Within a blink of an eye came 2007 - a whole new year packed with excitement and endless possibilities! I celebrated in Chicago this year, staying with my brother and his wife. I spent the evening babysitting my beautiful niece and nephew. I wonder how many other 24 year olds spent New Year's Eve lying on the floor with two children watching Dora's Halloween Adventures!
It's funny to think that it was only one year ago that I officially moved to Canada from Switzerland for what I knew would be quite the adventure. On December 31st 2005, I had arrived in Montreal that night, and had a quick sushi bite with friends, a nice tea. I was in bed sleeping away in peace while the clock ticked into the new year and I embarked on a fresh beginning in my new home.

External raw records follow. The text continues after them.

(* Let $\Sigma$ be a set of pairs of $\tau$-terms. Then $\mathrm{Mod}(\Sigma)=\{\mathbf A:\Sigma\subseteq\theta_{\mathbf A}\}$ (the class of t-algebras of type $\tau$ in which all pairs of $\Sigma$ have equal term operations) is an Et-variety.
   Context: $\mathbb N=\{1,2,\dots\}$. A thread on $A$ is $s\in A^{\mathbb N}$; $r[a_1,\dots,a_n]$ is the thread with entries $a_i$ for $i\le n$ and $r_i$ for $i>n$; $r\equiv_{\mathbb N}s$ iff $\{i:r_i\neq s_i\}$ is finite, $[s]_{\mathbb N}$ its class. A trace on $A$ is a nonempty $\mathsf a\subseteq A^{\mathbb N}$ that is a union of $\equiv_{\mathbb N}$-classes. A t-algebra of type $\tau$ and trace $\mathsf a$ is $\mathbf A=(A,\mathsf a,\sigma^{\mathbf A})_{\sigma\in\tau}$ with each $\sigma^{\mathbf A}:\mathsf a\to A$ an arbitrary map. t-subalgebra: $(B,\mathsf b,\sigma^{\mathbf A}|_{\mathsf b})$ with $B\subseteq A$, $\mathsf b\subseteq\mathsf a$ a trace on $B$, $\sigma^{\mathbf A}(\mathsf b)\subseteq B$. t-homomorphism $\mathbf A\to\mathbf B$: $f:A\to B$ with $f^{\mathbb N}(\mathsf a)\subseteq\mathsf b$ ($f^{\mathbb N}$ coordinatewise) and $f\circ\sigma^{\mathbf A}=\sigma^{\mathbf B}\circ f^{\mathbb N}$ on $\mathsf a$; onto if $f$ and $f^{\mathbb N}:\mathsf a\to\mathsf b$ are surjective. t-product: universe $\prod_jA_j$, trace $\prod_j\mathsf a_j$ (with $(s^j)_j$ identified with the thread of entries $(s^j_k)_j$), operations componentwise. A t-variety is a class closed under t-homomorphic images, t-subalgebras and t-products. $\tau$-terms $T_\tau$: least set containing $\mathsf e_1,\mathsf e_2,\dots$ and $\sigma(t_1,\dots,t_n,\mathsf e_{n+1},\mathsf e_{n+2},\dots)$ for $\sigma\in\tau$, $n\ge0$. Term operations $t^{\mathbf A}:\mathsf a\to A$: $\mathsf e_i^{\mathbf A}(s)=s_i$, $\sigma(t_1,\dots,t_n,\mathsf e_{n+1},\dots)^{\mathbf A}(s)=\sigma^{\mathbf A}(s[t_1^{\mathbf A}(s),\dots,t_n^{\mathbf A}(s)])$. $\theta_{\mathbf A}=\{(t,u)\in T_\tau^2:t^{\mathbf A}=u^{\mathbf A}\}$. For $s\in\mathsf a$, $\mathbf A_{\bar s}$ has universe $A_{\bar s}=\{t^{\mathbf A}(s):t\in T_\tau\}$, trace $[s]_{\mathbb N}\cap(A_{\bar s})^{\mathbb N}$ and restricted operations. A class $K$ is closed under t-expansion if for every t-algebra $\mathbf A$ of type $\tau$ and trace $\mathsf a$, $\mathbf A_{\bar s}\in K$ for all $s\in\mathsf a$ implies $\mathbf A\in K$. An Et-variety is a t-variety closed under t-expansion. *)

From Stdlib Require Import List Classical ClassicalEpsilon FunctionalExtensionality Lia PeanoNat.
Import ListNotations.
Set Implicit Arguments.

(* Threads are functions nat -> A; the entry s_{i+1} of the paper is (s i). *)

Definition eqN {A : Type} (r s : nat -> A) : Prop :=
  exists n, forall i, n <= i -> r i = s i.

(* Operations are
   represented as total maps on threads; only their values on the trace matter
   (all notions below only evaluate them on threads of the trace). *)
Record talg (tau : Type) := TAlg {
  car : Type;
  tr : (nat -> car) -> Prop;
  ops : tau -> (nat -> car) -> car;
  tr_ne : exists s, tr s;
  tr_closed : forall r s, eqN r s -> tr r -> tr s
}.
Arguments car {tau} _.
Arguments tr {tau} _ _.
Arguments ops {tau} _ _ _.

(* tau-terms: Var i is e_{i+1};  App f [t1;...;tn] is f(t1,...,tn,e_{n+1},...) *)
Inductive term (tau : Type) : Type :=
| Var : nat -> term tau
| App : tau -> list (term tau) -> term tau.
Arguments Var {tau} _.
Arguments App {tau} _ _.

Definition override {A : Type} (s : nat -> A) (l : list A) : nat -> A :=
  fun i => nth i l (s i).

Fixpoint eval {tau} (A : talg tau) (t : term tau) (s : nat -> car A) : car A :=
  match t with
  | Var i => s i
  | App f ts => ops A f (override s (map (fun u => eval A u s) ts))
  end.

Definition theta {tau} (A : talg tau) (t u : term tau) : Prop :=
  forall s, tr A s -> eval A t s = eval A u s.

Definition Mod {tau} (Sigma : term tau -> term tau -> Prop) (A : talg tau) : Prop :=
  forall t u, Sigma t u -> theta A t u.

Definition thom {tau} (A B : talg tau) (f : car A -> car B) : Prop :=
  (forall s, tr A s -> tr B (fun i => f (s i))) /\
  (forall g s, tr A s -> f (ops A g s) = ops B g (fun i => f (s i))).

Definition onto_thom {tau} (A B : talg tau) (f : car A -> car B) : Prop :=
  thom A B f /\ (forall y, exists x, f x = y) /\
  (forall r, tr B r -> exists s, tr A s /\ forall i, f (s i) = r i).

Section Sub.
Context {tau : Type} (A : talg tau) (P : car A -> Prop)
  (b : (nat -> sig P) -> Prop)
  (b_ne : exists r, b r)
  (b_closed : forall r s, eqN r s -> b r -> b s)
  (b_sub : forall r, b r -> tr A (fun i => proj1_sig (r i)))
  (b_ops : forall g r, b r -> P (ops A g (fun i => proj1_sig (r i)))).

Definition sub_default : sig P :=
  proj1_sig (constructive_indefinite_description _ b_ne) 0.

Definition sub_ops (g : tau) (r : nat -> sig P) : sig P :=
  match excluded_middle_informative (b r) with
  | left h => exist P (ops A g (fun i => proj1_sig (r i))) (b_ops g h)
  | right _ => sub_default
  end.

Definition tsub : talg tau :=
  @TAlg tau (sig P) b sub_ops b_ne b_closed.
End Sub.

Section Prod.
Context {tau : Type} (J : Type) (A : J -> talg tau).

Definition prod_tr (s : nat -> forall j, car (A j)) : Prop :=
  forall j, tr (A j) (fun k => s k j).

Lemma prod_tr_ne : exists s, prod_tr s.
Proof.
  exists (fun k j => proj1_sig (constructive_indefinite_description _ (tr_ne (A j))) k).
  intro j. exact (proj2_sig (constructive_indefinite_description _ (tr_ne (A j)))).
Qed.

Lemma prod_tr_closed : forall r s, eqN r s -> prod_tr r -> prod_tr s.
Proof.
  intros r s [n Hn] Hr j. apply (tr_closed (A j)) with (r := fun k => r k j).
  - exists n. intros i Hi. rewrite Hn; auto.
  - apply Hr.
Qed.

Definition tprod : talg tau :=
  @TAlg tau (forall j, car (A j)) prod_tr
    (fun g s j => ops (A j) g (fun k => s k j)) prod_tr_ne prod_tr_closed.
End Prod.

Section Expand.
Context {tau : Type} (A : talg tau) (s : nat -> car A) (hs : tr A s).

Definition Abar_set (x : car A) : Prop := exists t : term tau, x = eval A t s.

Definition Abar_tr (r : nat -> sig Abar_set) : Prop :=
  eqN (fun i => proj1_sig (r i)) s.

Lemma Abar_ne : exists r, Abar_tr r.
Proof.
  exists (fun i => exist Abar_set (s i) (ex_intro _ (Var i) eq_refl)).
  exists 0. reflexivity.
Qed.

Lemma Abar_closed : forall r r', eqN r r' -> Abar_tr r -> Abar_tr r'.
Proof.
  intros r r' [n Hn] [m Hm]. exists (max n m). intros i Hi.
  rewrite <- Hn by lia. apply Hm. lia.
Qed.

Lemma Abar_sub : forall r, Abar_tr r -> tr A (fun i => proj1_sig (r i)).
Proof.
  intros r Hr. apply (tr_closed A) with (r := s); [|exact hs].
  destruct Hr as [n Hn]. exists n. intros i Hi. symmetry. auto.
Qed.

Lemma Abar_ops : forall g r, Abar_tr r -> Abar_set (ops A g (fun i => proj1_sig (r i))).
Proof.
  intros g r [n Hn].
  set (tt := fun i => proj1_sig (constructive_indefinite_description _ (proj2_sig (r i)))).
  assert (Htt : forall i, proj1_sig (r i) = eval A (tt i) s).
  { intro i. unfold tt. exact (proj2_sig (constructive_indefinite_description _ (proj2_sig (r i)))). }
  exists (App g (map tt (seq 0 n))). simpl. f_equal.
  apply functional_extensionality. intro i. unfold override.
  rewrite map_map.
  destruct (Nat.lt_ge_cases i n) as [Hi|Hi].
  - rewrite nth_indep with (d' := eval A (tt 0) s) by (rewrite length_map, length_seq; lia).
    rewrite (map_nth (fun x => eval A (tt x) s)), seq_nth by lia. simpl. symmetry. auto.
  - rewrite nth_overflow by (rewrite length_map, length_seq; lia). rewrite Hn; auto.
Qed.

Definition Abar : talg tau :=
  @tsub tau A Abar_set Abar_tr Abar_ne Abar_closed Abar_ops.
End Expand.

Definition closed_H {tau} (K : talg tau -> Prop) : Prop :=
  forall (A B : talg tau) (f : car A -> car B), K A -> onto_thom A B f -> K B.

Definition closed_S {tau} (K : talg tau -> Prop) : Prop :=
  forall (A : talg tau) (P : car A -> Prop) (b : (nat -> sig P) -> Prop)
    (b_ne : exists r, b r)
    (b_closed : forall r s, eqN r s -> b r -> b s)
    (b_sub : forall r, b r -> tr A (fun i => proj1_sig (r i)))
    (b_ops : forall g r, b r -> P (ops A g (fun i => proj1_sig (r i)))),
    K A -> K (@tsub tau A P b b_ne b_closed b_ops).

Definition closed_P {tau} (K : talg tau -> Prop) : Prop :=
  forall (J : Type) (A : J -> talg tau), (forall j, K (A j)) -> K (tprod A).

Definition t_variety {tau} (K : talg tau -> Prop) : Prop :=
  closed_H K /\ closed_S K /\ closed_P K.

Definition closed_expansion {tau} (K : talg tau -> Prop) : Prop :=
  forall (A : talg tau), (forall s (hs : tr A s), K (Abar A s)) -> K A.

Definition Et_variety {tau} (K : talg tau -> Prop) : Prop :=
  t_variety K /\ closed_expansion K.

(* Term operations commute with t-homomorphisms and are computed componentwise
   in t-products.  Hence an identity valid in A passes to onto images (every
   thread of the image lifts), to t-subalgebras (the inclusion is an injective
   t-homomorphism) and to t-products.  For t-expansion, an identity of A_{\bar s}
   evaluated at the thread s itself, which lies in the trace of A_{\bar s},
   transfers through the inclusion to the identity at s in A. *)

From Stdlib Require Import List Classical ClassicalEpsilon FunctionalExtensionality.
Import ListNotations.

Section TermInd.
Variables (tau : Type) (P : term tau -> Prop).
Hypothesis P_Var : forall i, P (Var i).
Hypothesis P_App : forall g ts, Forall P ts -> P (App g ts).

Fixpoint term_nested_ind (t : term tau) : P t :=
  match t with
  | Var i => P_Var i
  | App g ts => P_App g ts ((fix F (l : list (term tau)) : Forall P l :=
       match l with
       | [] => Forall_nil _
       | x :: l' => Forall_cons _ (term_nested_ind x) (F l')
       end) ts)
  end.
End TermInd.

Lemma override_map {A B : Type} (f : A -> B) (s : nat -> A) (l : list A) :
  (fun i => f (override s l i)) = override (fun i => f (s i)) (map f l).
Proof.
  apply functional_extensionality; intro i; unfold override.
  symmetry; apply map_nth.
Qed.

Lemma tr_override {tau} (A : talg tau) s l : tr A s -> tr A (override s l).
Proof.
  apply (tr_closed A); exists (length l); intros i Hi.
  unfold override; symmetry; apply nth_overflow, Hi.
Qed.

Lemma thom_eval {tau} {A B : talg tau} {f : car A -> car B} :
  thom A B f -> forall t s, tr A s -> f (eval A t s) = eval B t (fun i => f (s i)).
Proof.
  intros [_ f_ops] t; induction t as [i|g ts IH] using term_nested_ind;
    intros s Hs; simpl; [reflexivity|].
  rewrite f_ops by (apply tr_override, Hs); rewrite override_map, map_map.
  do 2 f_equal; apply map_ext_Forall.
  eapply Forall_impl; [|exact IH]; intros u Hu; exact (Hu s Hs).
Qed.

Lemma tprod_eval {tau} J (A : J -> talg tau) t s j :
  eval (tprod A) t s j = eval (A j) t (fun k => s k j).
Proof.
  revert s; induction t as [i|g ts IH] using term_nested_ind; intros s; simpl;
    [reflexivity|].
  rewrite (override_map (fun x : forall j, car (A j) => x j)), map_map.
  do 2 f_equal; apply map_ext_Forall.
  eapply Forall_impl; [|exact IH]; intros u Hu; exact (Hu s).
Qed.

Lemma thom_eval_theta {tau} {A B : talg tau} {f : car A -> car B} {t u s} :
  thom A B f -> theta A t u -> tr A s ->
  eval B t (fun i => f (s i)) = eval B u (fun i => f (s i)).
Proof.
  intros Hf Htu Hs; rewrite <- !(thom_eval Hf) by exact Hs; f_equal; exact (Htu s Hs).
Qed.

Lemma onto_thom_theta {tau} {A B : talg tau} {f : car A -> car B} {t u} :
  onto_thom A B f -> theta A t u -> theta B t u.
Proof.
  intros [Hf [_ lift]] Htu r Hr.
  destruct (lift r Hr) as [s [Hs Hfs]].
  replace r with (fun i => f (s i)) by (apply functional_extensionality, Hfs).
  exact (thom_eval_theta Hf Htu Hs).
Qed.

Lemma inj_thom_theta {tau} {A B : talg tau} {f : car A -> car B} {t u} :
  thom A B f -> (forall x y, f x = f y -> x = y) -> theta B t u -> theta A t u.
Proof.
  intros Hf f_inj Htu s Hs; apply f_inj.
  rewrite !(thom_eval Hf) by exact Hs; apply Htu, (proj1 Hf), Hs.
Qed.

Lemma tprod_theta {tau} J (A : J -> talg tau) t u :
  (forall j, theta (A j) t u) -> theta (tprod A) t u.
Proof.
  intros Htu s Hs; apply functional_extensionality_dep; intro j.
  rewrite !tprod_eval; exact (Htu j _ (Hs j)).
Qed.

Section Subalgebra.
Context {tau : Type} (A : talg tau) (P : car A -> Prop) (b : (nat -> sig P) -> Prop)
  (b_ne : exists r, b r)
  (b_closed : forall r s, eqN r s -> b r -> b s)
  (b_sub : forall r, b r -> tr A (fun i => proj1_sig (r i)))
  (b_ops : forall g r, b r -> P (ops A g (fun i => proj1_sig (r i)))).

Lemma tsub_incl_thom : thom (@tsub tau A P b b_ne b_closed b_ops) A (@proj1_sig _ P).
Proof.
  split; [exact b_sub|].
  intros g s Hs; simpl; unfold sub_ops.
  destruct (excluded_middle_informative (b s)); [reflexivity|contradiction].
Qed.

Lemma tsub_theta t u : theta A t u -> theta (@tsub tau A P b b_ne b_closed b_ops) t u.
Proof.
  apply (inj_thom_theta tsub_incl_thom).
  intros [x Hx] [y Hy]; simpl; intros ->; f_equal; apply proof_irrelevance.
Qed.
End Subalgebra.

Arguments tsub_incl_thom {tau A P b b_ne b_closed} b_sub b_ops.
Arguments tsub_theta {tau A P b b_ne b_closed} b_sub b_ops {t u}.

Lemma Abar_theta_eval {tau} {A : talg tau} {s} (hs : tr A s) {t u} :
  theta (Abar A s) t u -> eval A t s = eval A u s.
Proof.
  intro Htu.
  pose (r i := exist (Abar_set A s) (s i) (ex_intro _ (Var i) eq_refl)).
  assert (Hr : Abar_tr r) by (exists 0; reflexivity).
  exact (thom_eval_theta (tsub_incl_thom (Abar_sub hs) (Abar_ops (s:=s))) Htu Hr).
Qed.

Theorem mainTheorem9 (tau : Type) (Sigma : term tau -> term tau -> Prop) :
  Et_variety (Mod Sigma).
Proof.
  split; [split; [|split]|].
  - intros A B f HA Hf t u Htu; exact (onto_thom_theta Hf (HA t u Htu)).
  - intros A P b b_ne b_closed b_sub b_ops HA t u Htu.
    exact (tsub_theta b_sub b_ops (HA t u Htu)).
  - intros J A HA t u Htu; apply tprod_theta; intro j; exact (HA j t u Htu).
  - intros A HA t u Htu s hs; exact (Abar_theta_eval hs (HA s hs t u Htu)).
Qed.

Moving to Canada, I set out looking for the community I have always lacked and that is what 2006 was all about and I am happy to say that the attempts were quite successful and set the groundwork for more to come... I met plenty of fabulous people this year from all walks of life and discovered many different personalities. Most importantly, I became more involved in the Islamic community and continued to explore my spirituality and my faith, which I treasure. 2006 was also a year of career discovery as I continue to search for my professional purpose! Moving through three different job positions, I feel much closer to knowing what I want to do. Consequently, I have finally made the confident decision not to go to law school and pursue a masters in business.
Looking Forward to 2007
If I had to choose a theme for 2007, it would be "stability". I want to find answers to all the questions that have been hanging up in the air for years... Going back for my MBA will help me really figure out what I want to do with my career and make myself more of an asset to the business world. There is so much to achieve and accomplish - I want to continue to race forward and challenge my capabilities. I want to strengthen my Islam... I want to overcome the emptiness I feel inside when it comes to Libya and stop feeling so torn and deformed... I want to get rid of this ache - that famous repetitive ache - that haunts me once every few months and begs me to return to my country and make it my own... and of course, I would love to meet a partner, someone compatible with my vision for the future and who shares similar desires so that we may merge our paths and move forward as one.
So much to discover and learn... and I truly look forward to what life will bring. InshaAllah kheir!